DESCRIPTION OF THE TASK » Report how many lines of the data contain the string "RInt". Add nothing.

RECORD SET »
· · · · ·
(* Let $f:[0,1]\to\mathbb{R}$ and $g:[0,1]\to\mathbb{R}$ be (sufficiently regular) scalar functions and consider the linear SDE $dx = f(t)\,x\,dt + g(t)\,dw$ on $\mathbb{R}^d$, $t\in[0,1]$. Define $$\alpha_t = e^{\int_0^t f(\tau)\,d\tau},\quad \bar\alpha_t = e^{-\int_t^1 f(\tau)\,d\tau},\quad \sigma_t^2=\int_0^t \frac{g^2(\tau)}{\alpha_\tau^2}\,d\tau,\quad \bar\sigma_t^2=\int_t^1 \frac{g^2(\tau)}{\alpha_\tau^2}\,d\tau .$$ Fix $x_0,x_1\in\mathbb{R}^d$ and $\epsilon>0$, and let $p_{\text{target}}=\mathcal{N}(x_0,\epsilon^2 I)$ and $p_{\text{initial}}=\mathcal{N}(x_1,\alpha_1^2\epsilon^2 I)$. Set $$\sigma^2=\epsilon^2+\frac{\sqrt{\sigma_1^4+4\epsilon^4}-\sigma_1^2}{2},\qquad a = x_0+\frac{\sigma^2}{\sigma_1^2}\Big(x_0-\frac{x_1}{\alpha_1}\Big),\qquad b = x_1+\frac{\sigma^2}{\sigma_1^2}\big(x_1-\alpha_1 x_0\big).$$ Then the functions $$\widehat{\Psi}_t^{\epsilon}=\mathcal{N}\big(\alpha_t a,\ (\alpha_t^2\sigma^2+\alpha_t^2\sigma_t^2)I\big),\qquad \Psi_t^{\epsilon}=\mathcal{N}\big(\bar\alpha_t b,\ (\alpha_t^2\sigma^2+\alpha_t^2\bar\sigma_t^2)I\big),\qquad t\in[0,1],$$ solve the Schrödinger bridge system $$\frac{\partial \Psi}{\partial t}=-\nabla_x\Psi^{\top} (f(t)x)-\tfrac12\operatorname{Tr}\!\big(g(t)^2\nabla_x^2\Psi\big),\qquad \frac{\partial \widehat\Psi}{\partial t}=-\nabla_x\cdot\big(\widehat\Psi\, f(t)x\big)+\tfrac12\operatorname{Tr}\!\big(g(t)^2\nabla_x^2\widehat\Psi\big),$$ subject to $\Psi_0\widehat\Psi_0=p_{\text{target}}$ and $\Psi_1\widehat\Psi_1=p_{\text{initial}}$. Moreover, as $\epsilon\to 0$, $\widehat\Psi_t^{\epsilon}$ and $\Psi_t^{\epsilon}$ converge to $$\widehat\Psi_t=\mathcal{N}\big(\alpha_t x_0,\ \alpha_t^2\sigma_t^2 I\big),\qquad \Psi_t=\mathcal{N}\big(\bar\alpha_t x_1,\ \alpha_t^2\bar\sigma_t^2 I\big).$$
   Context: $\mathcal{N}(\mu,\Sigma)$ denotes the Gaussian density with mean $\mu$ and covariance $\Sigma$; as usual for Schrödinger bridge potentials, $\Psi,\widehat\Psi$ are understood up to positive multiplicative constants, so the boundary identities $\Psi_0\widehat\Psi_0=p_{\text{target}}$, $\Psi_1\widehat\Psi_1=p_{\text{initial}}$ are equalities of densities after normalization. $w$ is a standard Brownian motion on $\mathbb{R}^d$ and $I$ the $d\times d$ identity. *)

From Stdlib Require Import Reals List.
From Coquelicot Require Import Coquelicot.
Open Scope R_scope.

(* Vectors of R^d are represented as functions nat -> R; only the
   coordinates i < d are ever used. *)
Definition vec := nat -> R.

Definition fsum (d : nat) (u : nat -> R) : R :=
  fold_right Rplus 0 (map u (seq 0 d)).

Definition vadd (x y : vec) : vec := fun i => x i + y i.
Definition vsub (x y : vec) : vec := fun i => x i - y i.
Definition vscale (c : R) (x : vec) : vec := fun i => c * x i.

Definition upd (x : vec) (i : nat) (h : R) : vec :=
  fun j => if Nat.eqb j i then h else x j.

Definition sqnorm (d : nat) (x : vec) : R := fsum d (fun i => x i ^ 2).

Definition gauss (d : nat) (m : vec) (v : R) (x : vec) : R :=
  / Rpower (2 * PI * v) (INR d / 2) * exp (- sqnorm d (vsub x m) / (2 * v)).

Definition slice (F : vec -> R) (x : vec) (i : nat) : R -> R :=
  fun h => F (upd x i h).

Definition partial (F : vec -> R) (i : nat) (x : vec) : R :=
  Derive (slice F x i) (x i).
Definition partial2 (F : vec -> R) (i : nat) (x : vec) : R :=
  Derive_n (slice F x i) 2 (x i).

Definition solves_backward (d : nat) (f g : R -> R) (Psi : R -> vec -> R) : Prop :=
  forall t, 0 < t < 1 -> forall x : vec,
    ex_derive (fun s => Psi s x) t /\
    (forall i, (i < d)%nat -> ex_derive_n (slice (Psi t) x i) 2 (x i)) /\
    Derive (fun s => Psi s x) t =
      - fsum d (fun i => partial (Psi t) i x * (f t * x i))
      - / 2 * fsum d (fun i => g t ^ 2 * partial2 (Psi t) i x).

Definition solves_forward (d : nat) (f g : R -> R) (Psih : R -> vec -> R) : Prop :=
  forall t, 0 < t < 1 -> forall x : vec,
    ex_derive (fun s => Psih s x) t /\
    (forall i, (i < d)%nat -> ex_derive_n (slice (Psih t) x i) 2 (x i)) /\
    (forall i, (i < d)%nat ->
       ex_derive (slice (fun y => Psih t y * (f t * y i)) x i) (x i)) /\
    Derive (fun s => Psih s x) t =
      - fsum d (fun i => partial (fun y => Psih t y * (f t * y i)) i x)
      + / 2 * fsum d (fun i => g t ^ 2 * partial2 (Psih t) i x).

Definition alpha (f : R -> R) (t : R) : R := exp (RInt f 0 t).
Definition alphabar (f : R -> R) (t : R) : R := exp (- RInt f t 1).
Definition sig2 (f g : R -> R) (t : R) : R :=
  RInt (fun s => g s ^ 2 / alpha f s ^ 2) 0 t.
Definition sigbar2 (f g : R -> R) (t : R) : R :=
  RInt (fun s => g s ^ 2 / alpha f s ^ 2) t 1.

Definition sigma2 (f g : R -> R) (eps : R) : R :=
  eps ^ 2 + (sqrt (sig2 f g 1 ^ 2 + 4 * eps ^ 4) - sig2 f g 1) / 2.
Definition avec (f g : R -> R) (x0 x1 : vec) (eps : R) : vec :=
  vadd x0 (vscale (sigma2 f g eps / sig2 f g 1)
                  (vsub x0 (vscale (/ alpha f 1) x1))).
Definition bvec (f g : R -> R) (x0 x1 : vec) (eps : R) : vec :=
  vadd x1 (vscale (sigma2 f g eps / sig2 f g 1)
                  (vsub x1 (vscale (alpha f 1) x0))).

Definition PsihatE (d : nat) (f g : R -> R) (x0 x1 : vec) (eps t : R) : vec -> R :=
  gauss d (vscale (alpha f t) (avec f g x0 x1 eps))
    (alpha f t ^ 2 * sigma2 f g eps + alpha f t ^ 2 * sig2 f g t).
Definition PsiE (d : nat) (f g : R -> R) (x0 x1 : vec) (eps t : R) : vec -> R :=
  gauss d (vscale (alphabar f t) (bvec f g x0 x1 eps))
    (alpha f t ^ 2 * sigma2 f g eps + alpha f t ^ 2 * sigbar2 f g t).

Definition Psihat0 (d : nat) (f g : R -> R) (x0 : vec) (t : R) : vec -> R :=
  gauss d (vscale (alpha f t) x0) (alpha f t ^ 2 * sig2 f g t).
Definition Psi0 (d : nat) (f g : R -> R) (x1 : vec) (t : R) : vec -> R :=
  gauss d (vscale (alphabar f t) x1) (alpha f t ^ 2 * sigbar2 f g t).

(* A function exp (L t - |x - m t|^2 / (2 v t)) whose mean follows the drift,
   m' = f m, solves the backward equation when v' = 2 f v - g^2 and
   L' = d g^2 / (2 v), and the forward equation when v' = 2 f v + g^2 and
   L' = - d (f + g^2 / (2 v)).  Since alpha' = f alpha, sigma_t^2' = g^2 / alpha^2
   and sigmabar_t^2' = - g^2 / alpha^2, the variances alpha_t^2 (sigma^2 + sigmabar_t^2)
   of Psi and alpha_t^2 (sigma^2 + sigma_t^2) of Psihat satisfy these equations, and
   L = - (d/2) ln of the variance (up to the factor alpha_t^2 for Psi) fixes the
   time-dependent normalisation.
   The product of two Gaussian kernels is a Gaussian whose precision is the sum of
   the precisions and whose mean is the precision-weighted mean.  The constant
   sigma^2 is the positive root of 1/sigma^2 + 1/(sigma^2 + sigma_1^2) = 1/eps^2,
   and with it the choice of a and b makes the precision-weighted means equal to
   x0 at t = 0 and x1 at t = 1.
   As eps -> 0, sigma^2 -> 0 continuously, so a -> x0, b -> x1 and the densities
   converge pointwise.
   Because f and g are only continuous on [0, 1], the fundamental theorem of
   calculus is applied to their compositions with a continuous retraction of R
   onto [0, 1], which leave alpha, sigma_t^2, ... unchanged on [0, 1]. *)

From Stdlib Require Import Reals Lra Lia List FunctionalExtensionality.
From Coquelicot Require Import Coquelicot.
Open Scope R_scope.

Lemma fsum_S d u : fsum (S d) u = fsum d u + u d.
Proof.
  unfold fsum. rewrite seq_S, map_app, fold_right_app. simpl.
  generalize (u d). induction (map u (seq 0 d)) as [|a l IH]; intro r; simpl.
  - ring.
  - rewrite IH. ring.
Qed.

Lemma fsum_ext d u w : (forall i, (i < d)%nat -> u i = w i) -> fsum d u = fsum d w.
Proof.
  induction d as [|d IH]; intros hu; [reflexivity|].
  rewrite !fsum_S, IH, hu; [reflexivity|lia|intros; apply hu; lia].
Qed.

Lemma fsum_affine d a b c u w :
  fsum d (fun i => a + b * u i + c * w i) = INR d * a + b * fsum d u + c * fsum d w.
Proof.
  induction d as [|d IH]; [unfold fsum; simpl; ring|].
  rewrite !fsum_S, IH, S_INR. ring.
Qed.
· · · · ·
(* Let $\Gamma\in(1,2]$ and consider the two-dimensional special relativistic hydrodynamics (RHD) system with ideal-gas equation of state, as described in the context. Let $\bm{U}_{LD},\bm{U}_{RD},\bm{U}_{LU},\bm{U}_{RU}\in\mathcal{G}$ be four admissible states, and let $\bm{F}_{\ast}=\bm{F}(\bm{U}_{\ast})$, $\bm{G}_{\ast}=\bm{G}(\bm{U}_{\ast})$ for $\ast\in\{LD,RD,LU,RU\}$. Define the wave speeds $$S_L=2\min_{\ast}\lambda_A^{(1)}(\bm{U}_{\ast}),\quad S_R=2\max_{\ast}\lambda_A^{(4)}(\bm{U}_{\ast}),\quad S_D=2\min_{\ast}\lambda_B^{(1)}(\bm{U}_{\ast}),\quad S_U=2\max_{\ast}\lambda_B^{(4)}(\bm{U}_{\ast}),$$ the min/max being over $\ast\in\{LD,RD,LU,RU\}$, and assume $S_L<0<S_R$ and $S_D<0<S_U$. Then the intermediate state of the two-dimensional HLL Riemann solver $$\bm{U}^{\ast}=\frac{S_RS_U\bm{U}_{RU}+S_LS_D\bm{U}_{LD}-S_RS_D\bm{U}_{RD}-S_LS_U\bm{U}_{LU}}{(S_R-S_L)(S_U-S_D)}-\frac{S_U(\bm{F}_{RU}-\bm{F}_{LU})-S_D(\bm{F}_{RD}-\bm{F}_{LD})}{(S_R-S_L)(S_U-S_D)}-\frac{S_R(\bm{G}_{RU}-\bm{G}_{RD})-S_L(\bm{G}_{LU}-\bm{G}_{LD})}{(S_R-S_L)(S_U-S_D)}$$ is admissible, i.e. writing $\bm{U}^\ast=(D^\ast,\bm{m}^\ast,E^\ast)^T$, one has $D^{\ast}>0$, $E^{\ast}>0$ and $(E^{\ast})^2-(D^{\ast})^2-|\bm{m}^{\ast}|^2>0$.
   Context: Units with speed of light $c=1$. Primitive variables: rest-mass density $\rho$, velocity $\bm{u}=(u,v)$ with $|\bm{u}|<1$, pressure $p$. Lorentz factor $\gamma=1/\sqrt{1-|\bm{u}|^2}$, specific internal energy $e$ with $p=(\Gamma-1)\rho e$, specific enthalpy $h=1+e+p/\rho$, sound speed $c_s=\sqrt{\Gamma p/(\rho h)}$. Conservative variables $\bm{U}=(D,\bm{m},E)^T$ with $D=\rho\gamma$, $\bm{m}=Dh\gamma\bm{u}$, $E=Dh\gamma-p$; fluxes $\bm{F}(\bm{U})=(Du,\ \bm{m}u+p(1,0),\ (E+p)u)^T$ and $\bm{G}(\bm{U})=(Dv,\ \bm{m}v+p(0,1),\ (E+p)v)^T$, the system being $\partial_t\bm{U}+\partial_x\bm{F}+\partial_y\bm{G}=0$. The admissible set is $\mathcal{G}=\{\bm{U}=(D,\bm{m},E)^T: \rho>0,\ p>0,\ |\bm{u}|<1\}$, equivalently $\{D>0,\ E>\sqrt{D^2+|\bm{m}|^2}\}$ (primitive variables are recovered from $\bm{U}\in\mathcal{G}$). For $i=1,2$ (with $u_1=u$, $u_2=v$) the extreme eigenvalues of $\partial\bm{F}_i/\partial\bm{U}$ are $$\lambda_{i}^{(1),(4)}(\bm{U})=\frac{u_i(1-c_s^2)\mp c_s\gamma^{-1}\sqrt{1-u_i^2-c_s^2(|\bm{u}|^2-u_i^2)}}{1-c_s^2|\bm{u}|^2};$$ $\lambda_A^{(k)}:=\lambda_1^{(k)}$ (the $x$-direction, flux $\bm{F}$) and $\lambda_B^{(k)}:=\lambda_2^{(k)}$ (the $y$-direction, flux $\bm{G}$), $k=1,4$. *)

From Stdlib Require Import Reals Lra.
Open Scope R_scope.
· · · · ·
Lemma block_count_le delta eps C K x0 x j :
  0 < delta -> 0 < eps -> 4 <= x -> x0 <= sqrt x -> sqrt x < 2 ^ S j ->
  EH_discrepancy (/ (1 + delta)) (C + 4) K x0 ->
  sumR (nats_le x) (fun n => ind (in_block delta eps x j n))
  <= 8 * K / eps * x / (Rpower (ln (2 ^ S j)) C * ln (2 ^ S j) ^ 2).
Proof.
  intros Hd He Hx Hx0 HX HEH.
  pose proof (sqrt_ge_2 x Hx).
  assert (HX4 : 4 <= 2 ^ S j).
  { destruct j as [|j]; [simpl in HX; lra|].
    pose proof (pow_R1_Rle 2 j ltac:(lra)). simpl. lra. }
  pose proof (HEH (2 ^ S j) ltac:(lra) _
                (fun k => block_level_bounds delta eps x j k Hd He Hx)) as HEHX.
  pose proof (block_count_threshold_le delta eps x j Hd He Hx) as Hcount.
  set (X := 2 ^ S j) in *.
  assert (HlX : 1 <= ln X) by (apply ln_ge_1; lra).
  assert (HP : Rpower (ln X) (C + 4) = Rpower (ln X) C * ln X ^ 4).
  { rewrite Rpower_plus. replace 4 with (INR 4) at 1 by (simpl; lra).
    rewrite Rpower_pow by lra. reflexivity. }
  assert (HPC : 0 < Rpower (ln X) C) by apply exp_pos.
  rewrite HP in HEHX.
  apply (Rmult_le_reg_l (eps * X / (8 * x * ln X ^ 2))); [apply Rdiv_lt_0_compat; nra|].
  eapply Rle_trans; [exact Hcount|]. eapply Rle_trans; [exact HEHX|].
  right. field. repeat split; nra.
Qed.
· · · · ·
EXERCISE RESPONSE » 4